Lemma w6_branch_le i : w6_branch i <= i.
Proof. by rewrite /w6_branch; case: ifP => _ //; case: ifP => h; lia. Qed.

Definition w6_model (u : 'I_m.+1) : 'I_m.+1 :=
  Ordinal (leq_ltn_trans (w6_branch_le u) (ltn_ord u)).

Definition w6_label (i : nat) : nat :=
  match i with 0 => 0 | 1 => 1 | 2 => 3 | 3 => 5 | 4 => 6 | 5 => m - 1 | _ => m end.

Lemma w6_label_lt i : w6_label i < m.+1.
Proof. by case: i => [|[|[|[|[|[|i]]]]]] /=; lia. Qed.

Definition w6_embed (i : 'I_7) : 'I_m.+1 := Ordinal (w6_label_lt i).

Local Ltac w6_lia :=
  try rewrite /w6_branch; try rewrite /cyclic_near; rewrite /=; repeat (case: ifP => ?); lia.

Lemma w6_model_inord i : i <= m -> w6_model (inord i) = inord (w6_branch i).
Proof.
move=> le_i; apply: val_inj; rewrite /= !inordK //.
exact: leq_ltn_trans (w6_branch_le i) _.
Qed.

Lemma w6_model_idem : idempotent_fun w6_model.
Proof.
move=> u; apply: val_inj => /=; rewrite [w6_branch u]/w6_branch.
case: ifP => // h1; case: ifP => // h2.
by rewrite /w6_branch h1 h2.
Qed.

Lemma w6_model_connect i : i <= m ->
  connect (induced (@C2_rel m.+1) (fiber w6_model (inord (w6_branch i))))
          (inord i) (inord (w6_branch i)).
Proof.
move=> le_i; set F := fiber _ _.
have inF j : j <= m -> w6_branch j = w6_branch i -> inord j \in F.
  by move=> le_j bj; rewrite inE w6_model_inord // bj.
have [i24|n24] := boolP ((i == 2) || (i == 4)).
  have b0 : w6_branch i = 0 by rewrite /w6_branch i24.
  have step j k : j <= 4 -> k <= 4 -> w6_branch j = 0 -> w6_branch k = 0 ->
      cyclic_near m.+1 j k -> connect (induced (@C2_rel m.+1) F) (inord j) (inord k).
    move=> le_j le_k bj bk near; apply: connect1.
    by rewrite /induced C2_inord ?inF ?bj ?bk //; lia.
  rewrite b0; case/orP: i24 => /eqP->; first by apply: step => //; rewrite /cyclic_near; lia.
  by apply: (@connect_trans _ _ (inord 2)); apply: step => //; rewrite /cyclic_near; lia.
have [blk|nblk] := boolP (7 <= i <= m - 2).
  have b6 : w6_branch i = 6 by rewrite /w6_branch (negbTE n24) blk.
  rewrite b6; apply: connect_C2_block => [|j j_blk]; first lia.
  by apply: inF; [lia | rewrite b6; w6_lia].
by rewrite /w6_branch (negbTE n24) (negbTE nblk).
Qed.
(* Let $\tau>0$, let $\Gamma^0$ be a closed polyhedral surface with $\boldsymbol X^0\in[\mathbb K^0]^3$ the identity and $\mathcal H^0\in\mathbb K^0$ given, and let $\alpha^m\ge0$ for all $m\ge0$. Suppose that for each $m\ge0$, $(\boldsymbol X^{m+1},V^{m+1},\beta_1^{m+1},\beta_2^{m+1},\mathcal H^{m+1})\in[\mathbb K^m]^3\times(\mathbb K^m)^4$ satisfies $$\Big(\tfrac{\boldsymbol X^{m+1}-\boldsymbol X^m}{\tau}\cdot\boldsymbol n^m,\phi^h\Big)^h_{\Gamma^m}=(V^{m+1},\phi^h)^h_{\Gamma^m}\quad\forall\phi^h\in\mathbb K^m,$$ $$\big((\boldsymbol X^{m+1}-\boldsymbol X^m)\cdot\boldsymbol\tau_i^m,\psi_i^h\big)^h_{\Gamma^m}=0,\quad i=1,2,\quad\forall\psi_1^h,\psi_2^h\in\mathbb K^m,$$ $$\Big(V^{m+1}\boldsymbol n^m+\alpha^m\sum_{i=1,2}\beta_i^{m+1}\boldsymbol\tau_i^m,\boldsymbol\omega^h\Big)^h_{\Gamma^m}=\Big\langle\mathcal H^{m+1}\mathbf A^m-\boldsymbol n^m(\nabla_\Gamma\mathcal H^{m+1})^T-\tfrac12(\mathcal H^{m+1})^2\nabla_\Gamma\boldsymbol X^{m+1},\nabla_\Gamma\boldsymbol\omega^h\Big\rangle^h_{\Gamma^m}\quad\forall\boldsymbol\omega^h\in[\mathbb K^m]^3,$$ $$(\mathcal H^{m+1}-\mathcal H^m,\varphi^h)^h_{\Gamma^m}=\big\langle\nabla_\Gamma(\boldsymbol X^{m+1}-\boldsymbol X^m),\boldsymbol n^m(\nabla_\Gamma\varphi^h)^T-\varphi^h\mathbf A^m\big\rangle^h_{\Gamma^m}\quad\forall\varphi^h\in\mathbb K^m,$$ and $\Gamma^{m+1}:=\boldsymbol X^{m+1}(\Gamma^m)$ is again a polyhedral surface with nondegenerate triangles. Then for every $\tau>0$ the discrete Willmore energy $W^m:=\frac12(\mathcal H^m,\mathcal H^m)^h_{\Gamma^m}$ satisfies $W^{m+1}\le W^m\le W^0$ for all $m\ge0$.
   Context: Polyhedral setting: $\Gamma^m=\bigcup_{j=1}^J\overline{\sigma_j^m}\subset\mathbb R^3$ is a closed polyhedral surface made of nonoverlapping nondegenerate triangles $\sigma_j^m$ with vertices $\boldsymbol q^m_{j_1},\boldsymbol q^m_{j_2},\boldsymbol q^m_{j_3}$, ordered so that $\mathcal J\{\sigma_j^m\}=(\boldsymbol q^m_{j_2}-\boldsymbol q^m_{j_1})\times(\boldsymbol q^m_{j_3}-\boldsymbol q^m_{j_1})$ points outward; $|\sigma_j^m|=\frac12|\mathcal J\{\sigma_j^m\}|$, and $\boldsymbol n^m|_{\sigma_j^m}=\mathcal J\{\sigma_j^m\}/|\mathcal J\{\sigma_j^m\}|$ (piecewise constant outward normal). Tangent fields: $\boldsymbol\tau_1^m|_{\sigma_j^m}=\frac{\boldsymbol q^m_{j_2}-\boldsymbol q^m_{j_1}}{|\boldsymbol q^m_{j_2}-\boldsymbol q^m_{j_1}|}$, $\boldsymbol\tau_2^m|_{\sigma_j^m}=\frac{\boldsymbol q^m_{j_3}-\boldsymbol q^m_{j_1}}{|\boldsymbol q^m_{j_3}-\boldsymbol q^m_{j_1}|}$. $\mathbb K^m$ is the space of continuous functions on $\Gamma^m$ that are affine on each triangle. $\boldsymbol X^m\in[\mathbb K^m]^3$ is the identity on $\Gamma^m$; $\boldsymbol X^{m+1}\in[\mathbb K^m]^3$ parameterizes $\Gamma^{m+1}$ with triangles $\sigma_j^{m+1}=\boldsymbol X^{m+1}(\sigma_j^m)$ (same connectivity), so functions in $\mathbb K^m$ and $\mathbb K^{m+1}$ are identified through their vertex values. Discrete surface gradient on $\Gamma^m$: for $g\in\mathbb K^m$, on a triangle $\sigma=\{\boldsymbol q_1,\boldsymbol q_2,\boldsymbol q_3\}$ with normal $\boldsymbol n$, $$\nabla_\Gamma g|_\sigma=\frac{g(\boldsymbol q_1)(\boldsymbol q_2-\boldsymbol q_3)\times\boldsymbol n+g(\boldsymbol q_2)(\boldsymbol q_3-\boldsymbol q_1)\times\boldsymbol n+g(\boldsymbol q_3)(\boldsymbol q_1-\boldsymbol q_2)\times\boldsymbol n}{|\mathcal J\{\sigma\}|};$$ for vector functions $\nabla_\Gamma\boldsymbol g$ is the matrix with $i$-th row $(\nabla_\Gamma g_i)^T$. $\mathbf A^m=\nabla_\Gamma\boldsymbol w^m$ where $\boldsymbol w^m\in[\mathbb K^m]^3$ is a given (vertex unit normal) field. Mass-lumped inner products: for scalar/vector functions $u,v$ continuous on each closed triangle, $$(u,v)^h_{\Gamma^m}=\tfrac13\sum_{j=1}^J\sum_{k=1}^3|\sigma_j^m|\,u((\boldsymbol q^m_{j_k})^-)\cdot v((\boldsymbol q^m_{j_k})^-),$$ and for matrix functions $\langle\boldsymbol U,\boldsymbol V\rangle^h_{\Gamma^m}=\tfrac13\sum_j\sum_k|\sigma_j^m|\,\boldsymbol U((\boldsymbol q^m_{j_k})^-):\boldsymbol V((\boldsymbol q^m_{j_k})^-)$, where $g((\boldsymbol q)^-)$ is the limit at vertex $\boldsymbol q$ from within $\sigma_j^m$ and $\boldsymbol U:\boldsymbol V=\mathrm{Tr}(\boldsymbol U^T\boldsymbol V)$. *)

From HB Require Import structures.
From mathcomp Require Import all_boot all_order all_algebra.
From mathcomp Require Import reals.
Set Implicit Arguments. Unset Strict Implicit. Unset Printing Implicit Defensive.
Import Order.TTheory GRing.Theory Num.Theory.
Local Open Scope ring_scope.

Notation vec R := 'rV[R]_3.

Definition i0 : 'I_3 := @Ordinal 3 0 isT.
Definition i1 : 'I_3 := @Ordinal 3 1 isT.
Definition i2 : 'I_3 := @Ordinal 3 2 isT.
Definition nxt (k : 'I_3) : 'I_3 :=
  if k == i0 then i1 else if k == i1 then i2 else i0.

◇ ◇ ◇ ◇

» What the task asks
Reproduce the records above exactly, from the first line to the line that holds "move=> le_i; apply: val_inj;", inclusive, and omit everything after it.

» Your response
Lemma w6_branch_le i : w6_branch i <= i.
Proof. by rewrite /w6_branch; case: ifP => _ //; case: ifP => h; lia. Qed.

Definition w6_model (u : 'I_m.+1) : 'I_m.+1 :=
  Ordinal (leq_ltn_trans (w6_branch_le u) (ltn_ord u)).

Definition w6_label (i : nat) : nat :=
  match i with 0 => 0 | 1 => 1 | 2 => 3 | 3 => 5 | 4 => 6 | 5 => m - 1 | _ => m end.

Lemma w6_label_lt i : w6_label i < m.+1.
Proof. by case: i => [|[|[|[|[|[|i]]]]]] /=; lia. Qed.

Definition w6_embed (i : 'I_7) : 'I_m.+1 := Ordinal (w6_label_lt i).

Local Ltac w6_lia :=
  try rewrite /w6_branch; try rewrite /cyclic_near; rewrite /=; repeat (case: ifP => ?); lia.

Lemma w6_model_inord i : i <= m -> w6_model (inord i) = inord (w6_branch i).
Proof.
move=> le_i; apply: val_inj; rewrite /= !inordK //.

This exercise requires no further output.